I’m not mad but I think she’s in over her head or at the very least, out of practice.
Nothing that I was contacted about or awoken for was urgent,especially with her parents there. They’re quite competent and I have all the confidence in the world, in regards to their ability to care for their grandchildren.. If I didn’t, the kids wouldn’t be going…
I’m not sure why I need to be in the middle.
Again, I’m not mad but it just sorta interferes with my time off and there’s really no need for it.
Perhaps I shouldn’t be complaining because I’m grateful she does call when she either doesn’t know what to do or is overwhelmed.

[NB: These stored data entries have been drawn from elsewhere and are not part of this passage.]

(* Let $f$ be a homeomorphism of a compact metric space with the shadowing property such that $f|_{\Omega(f)}$ is expansive. Then $f$ has the L-shadowing property.
   Context: Shadowing: for every $\varepsilon>0$ there is $\delta>0$ such that for every sequence $(x_k)_{k\in\mathbb{Z}}$ with $d(f(x_k),x_{k+1})<\delta$ for all $k$ there is $y$ with $d(f^k(y),x_k)<\varepsilon$ for all $k\in\mathbb{Z}$. L-shadowing: for every $\varepsilon>0$ there is $\delta>0$ such that every sequence $(x_k)_{k\in\mathbb{Z}}$ with $d(f(x_k),x_{k+1})\le\delta$ for all $k$ and $d(f(x_k),x_{k+1})\to0$ as $|k|\to\infty$ admits $z$ with $d(f^k(z),x_k)\le\varepsilon$ for all $k$ and $d(f^k(z),x_k)\to0$ as $|k|\to\infty$. $\Omega(f)$ is the non-wandering set. $f|_{\Omega(f)}$ is expansive if there is $c>0$ such that for all $x\in\Omega(f)$, the only $y\in\Omega(f)$ with $d(f^n(x),f^n(y))\le c$ for all $n\in\mathbb{Z}$ is $y=x$. *)

From Stdlib Require Import Reals ZArith Lra.
Open Scope R_scope.

Record MetricSpace := {
  carrier :> Type;
  dist : carrier -> carrier -> R;
  dist_nonneg : forall x y, 0 <= dist x y;
  dist_eq0 : forall x y, dist x y = 0 <-> x = y;
  dist_sym : forall x y, dist x y = dist y x;
  dist_tri : forall x y z, dist x z <= dist x y + dist y z
}.

Section Topology.
Variable X : MetricSpace.

Definition is_open (U : X -> Prop) : Prop :=
  forall x, U x -> exists r, 0 < r /\ forall y, dist X x y < r -> U y.

Definition compact_space : Prop :=
  forall (I : Type) (U : I -> X -> Prop),
    (forall i, is_open (U i)) ->
    (forall x, exists i, U i x) ->
    exists l : list I, forall x, exists i, List.In i l /\ U i x.

Definition continuous (f : X -> X) : Prop :=
  forall x eps, 0 < eps -> exists del, 0 < del /\
    forall y, dist X x y < del -> dist X (f x) (f y) < eps.

Definition homeomorphism (f g : X -> X) : Prop :=
  continuous f /\ continuous g /\
  (forall x, g (f x) = x) /\ (forall x, f (g x) = x).

Definition iterZ (f g : X -> X) (k : Z) (x : X) : X :=
  match k with
  | Z0 => x
  | Zpos p => Nat.iter (Pos.to_nat p) f x
  | Zneg p => Nat.iter (Pos.to_nat p) g x
  end.

Definition shadowing (f g : X -> X) : Prop :=
  forall eps, 0 < eps -> exists del, 0 < del /\
    forall xs : Z -> X,
      (forall k, dist X (f (xs k)) (xs (k + 1)%Z) < del) ->
      exists y, forall k, dist X (iterZ f g k y) (xs k) < eps.

Definition tends0_Zinf (u : Z -> R) : Prop :=
  forall eps, 0 < eps -> exists N : Z, forall k, (N <= Z.abs k)%Z -> Rabs (u k) < eps.

Definition L_shadowing (f g : X -> X) : Prop :=
  forall eps, 0 < eps -> exists del, 0 < del /\
    forall xs : Z -> X,
      (forall k, dist X (f (xs k)) (xs (k + 1)%Z) <= del) ->
      tends0_Zinf (fun k => dist X (f (xs k)) (xs (k + 1)%Z)) ->
      exists z, (forall k, dist X (iterZ f g k z) (xs k) <= eps) /\
                tends0_Zinf (fun k => dist X (iterZ f g k z) (xs k)).

Definition nonwandering (f : X -> X) (x : X) : Prop :=
  forall U : X -> Prop, is_open U -> U x ->
    exists (n : nat) (y : X), (1 <= n)%nat /\ U y /\ U (Nat.iter n f y).

Definition expansive_on_Omega (f g : X -> X) : Prop :=
  exists c, 0 < c /\
    forall x y, nonwandering f x -> nonwandering f y ->
      (forall n : Z, dist X (iterZ f g n x) (iterZ f g n y) <= c) -> y = x.

End Topology.

(* Given eps, shadow
   a (delta-)pseudo-orbit (x_k) by z within e0 = min(eps, c)/2.  If the
   jumps of (x_k) tend to 0, then for every eta the tail of (x_k) beyond
   some N is a fine pseudo-orbit on a half-line; extending it by a true orbit
   and shadowing it gives y with f^k y within min(eta/2, e0) of x_k for k >= N.
   Hence the forward orbits of z and y stay c-close, and a compactness
   argument shows they are asymptotic: any pair of joint cluster points
   (p, q) of (f^n z, f^n y) consists of non-wandering points whose full
   orbits are c-close, so p = q by expansiveness.  Thus f^k z is eventually
   eta-close to x_k.  The backward half is the same argument for f^-1. *)

From Stdlib Require Import Rbase Rbasic_fun ZArith Lra Lia Classical List.
Open Scope R_scope.

Lemma dist_self (X : MetricSpace) (x : X) : dist X x x = 0.
Proof. apply dist_eq0. reflexivity. Qed.

Lemma ball_open (X : MetricSpace) (x : X) (r : R) : is_open X (fun y => dist X x y < r).
Proof.
  intros y hy. exists (r - dist X x y). split; [lra|].
  intros z hz. pose proof (dist_tri X x y z). lra.
Qed.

The last call was because Elliott was freaking out and wanted to come home. I can hear him hysterical in the background and that kicks me back into papa bear mode.
He wants to come home because he’s upset about something, likely that he’s not getting his way or doesn’t like something she’s said or done.
What exactly am I supposed to do about that? Talking to me is only going to make him want to come home even more and if I intervene, I only serve to undermine her.
It’s a pretty shitty position to be placed in but then again, shouldn’t I be used to that by now?
I did handle it well and basically refused to involve myself. It goes against my instincts to not bring him home but it’s the right thing to do.